The center of mass coordinate is defined as
$X = \frac{m_1 x_1 + m_2 x_2}{m_1 + m_2},$
and in the absence of external forces it satisfies $\ddot{X} = 0$.
The relative motion is described using a reduced mass formulation,
$\mu = \frac{m_1 m_2}{m_1 + m_2},$
which converts the two-body interaction into an equivalent one-body oscillation problem.
Derivation
The equations of motion for the two masses are
$m_1 \ddot{x}_1 = c(x_2 - x_1 - \ell_0),$
$m_2 \ddot{x}_2 = -c(x_2 - x_1 - \ell_0).$
Subtracting the first equation from the second eliminates the center of mass motion. Introducing the relative coordinate
$y = x_2 - x_1 - \ell_0,$
its second derivative is
$\ddot{y} = \ddot{x}_2 - \ddot{x}_1.$
Using the equations of motion,
$\ddot{y} = -\frac{c}{m_2}(x_2 - x_1 - \ell_0) - \frac{c}{m_1}(x_2 - x_1 - \ell_0),$
which becomes
$\ddot{y} = -c\left(\frac{1}{m_1} + \frac{1}{m_2}\right)y.$
The coefficient is rewritten using the reduced mass,
$\frac{1}{\mu} = \frac{1}{m_1} + \frac{1}{m_2},$
so the equation of motion takes the standard harmonic form
$\ddot{y} + \frac{c}{\mu} y = 0.$
The angular frequency is
$\omega = \sqrt{\frac{c}{\mu}} = \sqrt{c\left(\frac{1}{m_1} + \frac{1}{m_2}\right)}.$
The period of oscillation is
$T = \frac{2\pi}{\omega} = 2\pi \sqrt{\frac{\mu}{c}}.$
Both masses execute harmonic motion with this same angular frequency, since each coordinate is a linear combination of the center of mass motion (uniform) and the relative oscillation (harmonic).
Result
The reduced mass is
$\mu = \frac{m_1 m_2}{m_1 + m_2} \ \mathrm{kg}.$
The oscillation period of each mass is
$T = 2\pi \sqrt{\frac{m_1 m_2}{(m_1 + m_2)c}} \ \mathrm{s}.$
Thus,
$\boxed{T_1 = T_2 = 2\pi \sqrt{\frac{m_1 m_2}{(m_1 + m_2)c}} \ \mathrm{s}}.$
Sanity Checks
The expression has dimensions of time since $c$ has units $\mathrm{N,m^{-1}} = \mathrm{kg,s^{-2}}$, so $\mu/c$ has units $\mathrm{s^2}$ and its square root has units $\mathrm{s}$.

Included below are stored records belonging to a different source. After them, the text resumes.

(* Let $t$ be a positive integer and let $M$ be a matroid with the $(t,2t)$-property. Let $C_1^*,C_2^*,\dotsc,C_{t-1}^*$ be pairwise disjoint cocircuits of $M$, and let $Y = E(M)-\bigcup_{i \in \{1,\dots,t-1\}} C_i^*$. Then for every $y \in Y$ there is a $2t$-element circuit $C_y$ of $M$ containing $y$ such that either (i) $|C_y \cap C_i^*| = 2$ for all $i \in \{1,\dots,t-1\}$, or (ii) $|C_y \cap C_j^*| = 3$ for some $j \in \{1,\dots,t-1\}$, and $|C_y \cap C_i^*| = 2$ for all $i \in \{1,\dots,t-1\}-\{j\}$. Moreover, if $C_y = S \cup \{y\}$ (with $y\notin S$) satisfies (ii), then there are at most $3t-1$ elements $w \in Y$ such that $S \cup \{w\}$ is a circuit of $M$.
   Context: A matroid $M$ has the $(t,2t)$-property if every $t$-element subset of $E(M)$ is contained in both a $2t$-element circuit and a $2t$-element cocircuit of $M$. *)

From mathcomp Require Import all_boot.
Set Implicit Arguments. Unset Strict Implicit. Unset Printing Implicit Defensive.

(* A matroid whose ground set E(M) is the whole finite type T,
   given by its independent sets. *)
Record matroid (T : finType) := Matroid {
  indep : {set T} -> bool;
  indep0 : indep set0;
  indep_subset : forall A B : {set T}, B \subset A -> indep A -> indep B;
  indep_aug : forall A B : {set T}, indep A -> indep B -> #|A| < #|B| ->
     exists2 x, x \in B :\: A & indep (x |: A)
}.

Section MatroidDefs.
Variables (T : finType) (M : matroid T).

Definition is_circuit (C : {set T}) : bool :=
  ~~ indep M C && [forall D : {set T}, (D \proper C) ==> indep M D].

Definition is_basis (B : {set T}) : Prop :=
  indep M B /\ forall X : {set T}, indep M X -> B \subset X -> X = B.

Definition dual_indep (X : {set T}) : Prop :=
  exists B : {set T}, is_basis B /\ X \subset ~: B.

Definition is_cocircuit (C : {set T}) : Prop :=
  ~ dual_indep C /\ forall D : {set T}, D \proper C -> dual_indep D.

Definition t2t_property (t : nat) : Prop :=
  forall X : {set T}, #|X| = t ->
    (exists C : {set T}, [/\ is_circuit C, #|C| = 2 * t & X \subset C]) /\
    (exists D : {set T}, [/\ is_cocircuit D, #|D| = 2 * t & X \subset D]).

End MatroidDefs.

From mathcomp Require Import all_boot zify.
Set Implicit Arguments. Unset Strict Implicit. Unset Printing Implicit Defensive.

(* Two facts about a cocircuit D drive the proof: an independent set avoiding D
   stays independent when any element of D is added (so a circuit never meets D
   in exactly one element), and removing D strictly lowers the rank of every set
   meeting it.  A 2t-circuit through y and one element of each C_i^* therefore
   meets every C_i^* at least twice, and these t-1 disjoint intersections fit in
   the 2t-1 elements other than y, leaving room for a single extra element.
   For the bound, W = {w in Y | S + w is a circuit} is spanned by S, so
   S \cup W has rank 2t-1.  If |W| >= t, a 2t-cocircuit D through t elements of
   W meets S, whence |W \cap D| <= 2t-1; removing C_1^*, ..., C_{t-1}^* and D
   from S \cup W leaves rank at most t-1, while any t elements of W - D are
   independent, so |W - D| <= t-1. *)

Lemma card_bigcup_disjoint (T I : finType) (r : seq I) (F : I -> {set T}) :
  uniq r -> (forall i j, i != j -> [disjoint F i & F j]) ->
  #|\bigcup_(i <- r) F i| = \sum_(i <- r) #|F i|.
Proof.
move=> + dF; elim: r => [|i r IH] /=; first by rewrite !big_nil cards0.
case/andP=> ir ur; rewrite !big_cons -IH //; apply/eqP.
rewrite (leq_card_setU _ _).2 bigcup_seq; apply: bigcup_disjoint => j jr.
by apply: dF; apply: contraNneq ir => ->.
Qed.

Lemma sum_excess_le1 (I : finType) (F : I -> nat) a :
  (forall i, a <= F i) -> \sum_i F i <= a * #|I| + 1 ->
  (forall i, F i = a) \/ exists j, F j = a.+1 /\ forall i, i != j -> F i = a.
Proof.
move=> aF; pose g i := F i - a.
have -> : \sum_i F i = \sum_i g i + a * #|I|.
  by rewrite mulnC -sum_nat_const -big_split; apply: eq_bigr => i _; rewrite /= subnK.
rewrite [leqRHS]addnC leq_add2r => sum_g.
case: (pickP (fun i => 0 < g i)) => [j gj|g0]; last first.
  by left=> i; apply/eqP; rewrite eqn_leq aF andbT -subn_eq0 eqn0Ngt g0.
right; move: sum_g; rewrite (bigD1 j) //= => sum_g.
have gj1 : g j = 1 by apply/eqP; rewrite eqn_leq gj (leq_trans (leq_addr _ _) sum_g).
exists j; split => [|i ij]; first by rewrite -(subnK (aF j)) -/(g j) gj1 add1n.
have gi0 : g i <= 0.
  move: sum_g; rewrite gj1 add1n ltnS; apply: leq_trans.
  by rewrite (bigD1 i) //= leq_addr.
by apply/eqP; rewrite eqn_leq aF andbT -subn_eq0 -leqn0.
Qed.

Lemma subset_of_card (T : finType) (A : {set T}) k : k <= #|A| ->
  exists2 B : {set T}, B \subset A & #|B| = k.
Proof.
rewrite -bin_gt0 -cards_draws => /card_gt0P[B].
by rewrite inE => /andP[sBA /eqP cB]; exists B.
Qed.

Section Rank.
Variables (T : finType) (M : matroid T).

Definition rk (A : {set T}) : nat :=
  \max_(K : {set T} | (K \subset A) && indep M K) #|K|.

Lemma indep_leq_rk (A I : {set T}) : I \subset A -> indep M I -> #|I| <= rk A.
Proof. by move=> sIA iI; apply: (leq_bigmax_cond I); rewrite sIA. Qed.

Lemma rk_attained (A : {set T}) :
  exists I : {set T}, [/\ I \subset A, indep M I & #|I| = rk A].
Proof.
have [|I /andP[sIA iI] eI] :=
  @eq_bigmax_cond _ (fun K : {set T} => (K \subset A) && indep M K) (fun K => #|K|).
  by apply/card_gt0P; exists set0; rewrite unfold_in sub0set indep0.
by exists I.
Qed.

Lemma maximal_indep_rk (A I : {set T}) : I \subset A -> indep M I ->
  (forall x, x \in A -> x \notin I -> ~~ indep M (x |: I)) -> #|I| = rk A.
Proof.
move=> sIA iI Imax; apply/eqP; rewrite eqn_leq indep_leq_rk //=.
have [J [sJA iJ <-]] := rk_attained A; rewrite leqNgt; apply/negP => ltIJ.
have [x /setDP[xJ xI] ixI] := indep_aug iI iJ ltIJ.
by move: (Imax x (subsetP sJA x xJ) xI); rewrite ixI.
Qed.

Lemma indep_extend_rk (A I : {set T}) : I \subset A -> indep M I ->
  exists J : {set T}, [/\ I \subset J, J \subset A, indep M J & #|J| = rk A].
Proof.
move=> sIA iI; pose P (J : {set T}) := [&& I \subset J, J \subset A & indep M J].
have PI : P I by rewrite /P subxx sIA.
case: (@arg_maxnP _ I P (fun J => #|J|) PI) => J /and3P[sIJ sJA iJ] Jmax.
exists J; split => //; apply: maximal_indep_rk => // x xA xJ.
apply/negP => ixJ; have := Jmax (x |: J).
rewrite /P subUset sub1set xA sJA ixJ (subset_trans sIJ (subsetUr _ _)) cardsU1 xJ.
by move=> /(_ isT) /=; rewrite add1n ltnn.
Qed.

Lemma rk_setU1_dep (A J : {set T}) e : J \subset A -> indep M J -> #|J| = rk A ->
  ~~ indep M (e |: J) -> rk (e |: A) = rk A.
Proof.
move=> sJA iJ eJ depJ; rewrite -eJ; symmetry; apply: maximal_indep_rk => //.
  exact: subset_trans sJA (subsetUr _ _).
move=> x /setU1P[-> //|xA] xJ; apply/negP => ixJ.
have := indep_leq_rk (_ : x |: J \subset A) ixJ.
by rewrite cardsU1 xJ eJ ltnn subUset sub1set xA sJA => /(_ isT).
Qed.

Lemma basis_card (B : {set T}) : is_basis M B -> #|B| = rk setT.
Proof.
case=> iB Bmax; apply: maximal_indep_rk => // x _ xB; apply/negP => ixB.
by move: xB; rewrite -(Bmax _ ixB (subsetUr _ _)) setU11.
Qed.

Lemma indep_rk_basis (B : {set T}) : indep M B -> rk setT <= #|B| -> is_basis M B.
Proof.
move=> iB leB; split=> // X iX sBX; apply/eqP; rewrite eq_sym eqEcard sBX.
exact: leq_trans (indep_leq_rk (subsetT X) iX) leB.
Qed.

Lemma basis_exists : exists B : {set T}, is_basis M B.
Proof.
have [B [_ _ iB eB]] := indep_extend_rk (sub0set setT) (indep0 M).
by exists B; apply: indep_rk_basis; rewrite ?eB.
Qed.

End Rank.

Section Cocircuit.
Variables (T : finType) (M : matroid T).
Local Notation rk := (rk M).

Lemma cocircuit_neq0 (D : {set T}) : is_cocircuit M D -> D != set0.
Proof.
case=> nD _; apply: contra_notN nD => /eqP->.
by have [B hB] := basis_exists M; exists B; rewrite sub0set.
Qed.

Lemma rk_setC_lt (D : {set T}) : ~ dual_indep M D -> rk (~: D) < rk setT.
Proof.
move=> nD; rewrite ltnNge; apply/negP => le.
have [B [_ sB iB eB]] := indep_extend_rk (sub0set (~: D)) (indep0 M).
by apply: nD; exists B; rewrite subsetC; split=> //; apply: indep_rk_basis; rewrite ?eB.
Qed.

Lemma cocircuit_rk_setU1C (D : {set T}) e : is_cocircuit M D -> e \in D ->
  rk setT <= rk (e |: ~: D).
Proof.
case=> _ hD eD; have [B [hB sB]] := hD _ (properD1 eD).
rewrite -(basis_card hB); apply: indep_leq_rk hB.1.
by rewrite subsetC setCD setUC in sB.
Qed.

Lemma cocircuit_indepU1 (D I : {set T}) e : is_cocircuit M D -> indep M I ->
  [disjoint I & D] -> e \in D -> indep M (e |: I).
Proof.
move=> hD iI dID eD; rewrite disjoints_subset in dID.
have [J [sIJ sJ iJ eJ]] := indep_extend_rk dID iI.
apply/negPn/negP => depI.
have depJ : ~~ indep M (e |: J) by apply: contra depI; apply/indep_subset/setUS.
have := cocircuit_rk_setU1C hD eD.
by rewrite (rk_setU1_dep sJ iJ eJ depJ) leqNgt (rk_setC_lt hD.1).
Qed.

Lemma circuit_cocircuit_meet (C D : {set T}) x : is_circuit M C -> is_cocircuit M D ->
  x \in C :&: D -> 1 < #|C :&: D|.
Proof.
move=> /andP[depC /forallP Cmin] hD xCD; rewrite ltnNge; apply/negP => le1.
have eCD : C :&: D = [set x] by apply/eqP; rewrite eq_sym eqEcard sub1set xCD cards1.
have /setIP[xC xD] := xCD.
have iCx : indep M (C :\ x) by apply: (implyP (Cmin _)); apply: properD1.
have dCx : [disjoint C :\ x & D] by rewrite -setI_eq0 setIDAC eCD setDv.
by rewrite -(setD1K xC) (cocircuit_indepU1 hD iCx dCx xD) in depC.
Qed.

Lemma rk_setD_cocircuit (A D : {set T}) x : is_cocircuit M D -> x \in A -> x \in D ->
  rk (A :\: D) < rk A.
Proof.
move=> hD xA xD; have [I [sI iI <-]] := rk_attained M (A :\: D).
move: sI; rewrite subsetD => /andP[sIA dID].
have xI : x \notin I by apply/negP => /(disjointFr dID); rewrite xD.
have := indep_leq_rk _ (cocircuit_indepU1 hD iI dID xD).
by rewrite cardsU1 xI; apply; rewrite subUset sub1set xA.
Qed.

Lemma rk_setD_bigcup (I : finType) (r : seq I) (D : I -> {set T}) (N : {set T}) :
  uniq r -> (forall i, is_cocircuit M (D i)) ->
  (forall i j, i != j -> [disjoint D i & D j]) ->
  (forall i, exists2 x, x \in N & x \in D i) ->
  rk (N :\: \bigcup_(i <- r) D i) + size r <= rk N.
Proof.
move=> + hD dD hN; elim: r => [|i r IH] /=; first by rewrite big_nil setD0 addn0.
case/andP=> ir ur; rewrite big_cons (setUC (D i)) -setDDl addnS.
have [x xN xi] := hN i.
have xr : x \notin \bigcup_(j <- r) D j.
  rewrite bigcup_seq; apply/bigcupP => -[j jr xj].
  have ij : i != j by apply: contraNneq ir => ->.
  by rewrite (disjointFr (dD _ _ ij) xi) in xj.
apply: leq_trans (IH ur); rewrite -addSn leq_add2r.
by apply: rk_setD_cocircuit (hD i) _ xi; rewrite inE xr xN.
Qed.

End Cocircuit.

Section Property_t2t.
Variables (T : finType) (M : matroid T) (t : nat) (Cs : 'I_t.-1 -> {set T}).
Hypotheses (t_gt0 : 0 < t) (M_t2t : t2t_property M t).
Hypotheses (Cs_cocircuit : forall i, is_cocircuit M (Cs i))
           (Cs_disjoint : forall i j, i != j -> [disjoint Cs i & Cs j]).

Local Notation Y := (~: \bigcup_(i < t.-1) Cs i).

Lemma t2t_indep (X : {set T}) : #|X| = t -> indep M X.
Proof.
move=> cX; have [[C [/andP[_ /forallP Cmin] cC sXC]] _] := M_t2t cX.
by apply: (implyP (Cmin X)); rewrite properEcard sXC cC cX /=; lia.
Qed.

Lemma notin_Cs y i : y \in Y -> y \notin Cs i.
Proof. by rewrite inE; apply: contra => yi; apply/bigcupP; exists i. Qed.

Lemma circuit_through_transversal y : y \in Y ->
  exists C : {set T}, [/\ is_circuit M C, #|C| = 2 * t, y \in C &
                         forall i, 1 < #|C :&: Cs i|].
Proof.
move=> yY; have /fin_all_exists[c cCs] : forall i, exists x, x \in Cs i.
  by move=> i; apply/set0Pn/cocircuit_neq0.
have c_inj : injective c.
  move=> i j cij; apply: contraTeq (cCs i) => ij.
  by rewrite cij (disjointFl (Cs_disjoint ij) (cCs j)).
have yc : y \notin c @: setT.
  by apply/negP => /imsetP[i _ yci]; move: (notin_Cs i yY); rewrite yci cCs.
have cX : #|y |: c @: setT| = t.
  by rewrite cardsU1 yc card_imset // cardsT card_ord add1n prednK.
have [[C [circC cC sXC]] _] := M_t2t cX.
exists C; split => //; first by rewrite (subsetP sXC) ?setU11.
move=> i; apply: (circuit_cocircuit_meet circC (Cs_cocircuit i)) (_ : c i \in _).
by rewrite inE cCs (subsetP sXC) // setU1r // imset_f.
Qed.
(* Along I the orbit is explicit: writing e_i for the error term e at the i-th iterate of I(t),
   F^3(I(t)) = (-8t - 4e_0 + 2e_1 - e_2, 2t + (14/3) ln 2 + e_0 + e_1 + e_2).
   The bounds x/(1+x) <= ln(1+x) <= x, 1 + x <= exp x <= (1 - x/n)^(-n) then show that this curve
   lies to the right of the strip |a| <= 0.03 at t = -0.2, to its left at t = 0, and has b >= 2.56
   in between, so it crosses the graph of every 1-Lipschitz function [2.56, oo) -> [-0.03, 0.03].
   The differential of F is (da, db) |-> (-2da + s(4da + db)/3, db - s(4da + db)/3) with
   s = q/(1+q) in [0, 1), where e = ln(1+q): it sends the tangent (1, 2) of I to a positive
   multiple of (-1, 1), then to a multiple of (2 - s_1, 1 + s_1), and finally, since s_2 < 5/6 along I, strictly outside
   the cone |da| <= |db| containing all tangents of such graphs. *)

Lemma exp_le_exp x y : x <= y -> exp x <= exp y.
Proof. intros [Hlt | ->]; [left; apply exp_increasing, Hlt | right; reflexivity]. Qed.

Lemma exp_INR_mult n x : exp (INR n * x) = exp x ^ n.
Proof.
  induction n as [|n IH]; simpl pow.
  - rewrite Rmult_0_l; apply exp_0.
  - rewrite S_INR, Rmult_plus_distr_r, Rmult_1_l, exp_plus, IH; ring.
Qed.

Lemma exp_le_inv_1_sub x : x < 1 -> exp x <= / (1 - x).
Proof.
  intros Hx.
  assert (Hneg := exp_ineq1_le (- x)). rewrite exp_Ropp in Hneg.
  assert (Hpos := exp_pos x).
  apply Rmult_le_reg_l with (1 - x); [lra |].
  rewrite Rinv_r by lra.
  apply Rmult_le_reg_r with (/ exp x); [apply Rinv_0_lt_compat, Hpos |].
  replace ((1 - x) * exp x * / exp x) with (1 - x) by (field; lra). lra.
Qed.

Lemma exp_le_inv_pow n x : (0 < n)%nat -> x < INR n -> exp x <= (/ (1 - x / INR n)) ^ n.
Proof.
  intros Hn Hx. assert (HnR : 0 < INR n) by (apply lt_0_INR; exact Hn).
  replace x with (INR n * (x / INR n)) at 1 by (field; lra).
  rewrite exp_INR_mult. apply pow_incr. split.
  - left; apply exp_pos.
  - apply exp_le_inv_1_sub. apply Rmult_lt_reg_r with (INR n); [exact HnR |].
    unfold Rdiv; rewrite Rmult_assoc, Rinv_l by lra. lra.
Qed.

Lemma ln_le_sub_1 y : 0 < y -> ln y <= y - 1.
Proof.
  intros Hy. destruct (Rle_lt_dec (ln y) (y - 1)) as [Hle | Hlt]; [exact Hle |].
  apply exp_increasing in Hlt. rewrite exp_ln in Hlt by exact Hy.
  assert (H := exp_ineq1_le (y - 1)). lra.
Qed.

Lemma ln2_bounds : 0.62 <= ln 2 <= 0.75.
Proof.
  split.
  - destruct (Rle_lt_dec 0.62 (ln 2)) as [Hle | Hlt]; [exact Hle |].
    apply exp_increasing in Hlt. rewrite exp_ln in Hlt by lra.
    assert (H := exp_le_inv_pow 4 0.62 ltac:(lia) ltac:(simpl; lra)).
    simpl in H. lra.
  - destruct (Rle_lt_dec (ln 2) 0.75) as [Hle | Hlt]; [exact Hle |].
    apply exp_increasing in Hlt. rewrite exp_ln in Hlt by lra.
    assert (H := exp_ge_taylor 0.75 3 ltac:(lra)).
    simpl in H. lra.
Qed.

Lemma c2_pos : 0 < c2.
Proof. apply exp_pos. Qed.
(* Let $\alpha=(\alpha_k)_{k\in\mathbb{N}}\in\ell^2$ and for $n\in\mathbb{N}$ let $J_n=\sup_{m\ge n}(m+1-n)^{1/2}\big(\sum_{k=m}^\infty|\alpha_k|^2\big)^{1/2}$. Then $$\lim_{n\to\infty}J_n\le\|R_\alpha\|_e\le2\sqrt2\lim_{n\to\infty}J_n.$$ In particular, $R_\alpha$ is compact if and only if $\lim_{n\to\infty}J_n=0$.
   Context: $\mathbb{N}=\{0,1,2,\dots\}$; $\ell^2$ is the space of square-summable functions $\mathbb{N}\to\mathbb{C}$. The Rhaly operator is $(R_\alpha f)(k)=\alpha_k\sum_{j=0}^k f(j)$. The sequence $(J_n)$ is nonincreasing, so its limit exists in $[0,\infty]$. The essential norm is $\|T\|_e=\inf\{\|T-P\|: P \text{ a finite-rank operator on }\ell^2\}$, where $\|\cdot\|$ is the operator norm (possibly $+\infty$). *)

From Stdlib Require Import Reals.
From Coquelicot Require Import Coquelicot.
Open Scope R_scope.

Definition seqC := nat -> C.

Definition l2 (f : seqC) : Prop := ex_series (fun k => Cmod (f k) ^ 2).

(* the l^2 norm (meaningful for f in l^2) *)
Definition l2norm (f : seqC) : R := sqrt (Series (fun k => Cmod (f k) ^ 2)).

Definition seq_sub (f g : seqC) : seqC := fun k => Cminus (f k) (g k).
Definition seq_add (f g : seqC) : seqC := fun k => Cplus (f k) (g k).
Definition seq_scal (a : C) (f : seqC) : seqC := fun k => Cmult a (f k).

(* operators are maps on sequences, only considered on inputs from l^2 *)
Definition op := seqC -> seqC.
Definition op_sub (T P : op) : op := fun f => seq_sub (T f) (P f).

Definition op_bounded_by (T : op) (M : R) : Prop :=
  forall f, l2 f -> l2 (T f) /\ l2norm (T f) <= M * l2norm f.

(* operator norm on l^2, in [0, +oo] (= +oo if T is not a bounded map l^2 -> l^2) *)
Definition opnorm (T : op) : Rbar := Glb_Rbar (fun M => op_bounded_by T M).

Definition op_linear (P : op) : Prop :=
  forall (a : C) f g, l2 f -> l2 g ->
    P (seq_add (seq_scal a f) g) = seq_add (seq_scal a (P f)) (P g).

Definition finite_rank (P : op) : Prop :=
  op_linear P /\ (exists M, op_bounded_by P M) /\
  exists (n : nat) (v : nat -> seqC), (forall i, l2 (v i)) /\
    forall f, l2 f -> exists c : nat -> C,
      P f = (fun k => sum_n (fun i => Cmult (c i) (v i k)) n).

Definition ess_norm (T : op) : Rbar :=
  Rbar_glb (fun x => exists P, finite_rank P /\ x = opnorm (op_sub T P)).

Definition compact_op (T : op) : Prop :=
  (forall f, l2 f -> l2 (T f)) /\
  forall (u : nat -> seqC) (B : R), (forall j, l2 (u j) /\ l2norm (u j) <= B) ->
    exists (phi : nat -> nat) (g : seqC),
      (forall j, (phi j < phi (S j))%nat) /\ l2 g /\
      is_lim_seq (fun j => l2norm (seq_sub (T (u (phi j))) g)) 0.

Definition rhaly (alpha : seqC) : op :=
  fun f k => Cmult (alpha k) (sum_n f k).

Definition tail2 (alpha : seqC) (m : nat) : R :=
  Series (fun k => Cmod (alpha (m + k)%nat) ^ 2).

Definition J (alpha : seqC) (n : nat) : Rbar :=
  Lub_Rbar (fun x => exists m, (n <= m)%nat /\
    x = sqrt (INR (m + 1 - n)) * sqrt (tail2 alpha m)).

(* lim_n J_n: J is nonincreasing, so its limit is its infimum *)
Definition Jlim (alpha : seqC) : Rbar := Rbar_glb (fun x => exists n, x = J alpha n).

In the limit $m_1 \gg m_2$, the reduced mass becomes $\mu \approx m_2$, and the period reduces to $T \approx 2\pi \sqrt{m_2/c}$, corresponding to the lighter mass oscillating against an effectively fixed support provided by the heavier mass.
In the symmetric case $m_1 = m_2 = m$, the reduced mass becomes $\mu = m/2$, giving $T = 2\pi \sqrt{m/(2c)}$, which is shorter than the single-mass spring period due to both masses sharing the inertia.
A sign error would most likely appear when forming the relative coordinate equation, where the restoring force must enter with opposite signs for the two masses; this would incorrectly change the sign of the effective spring term and destroy the oscillatory solution.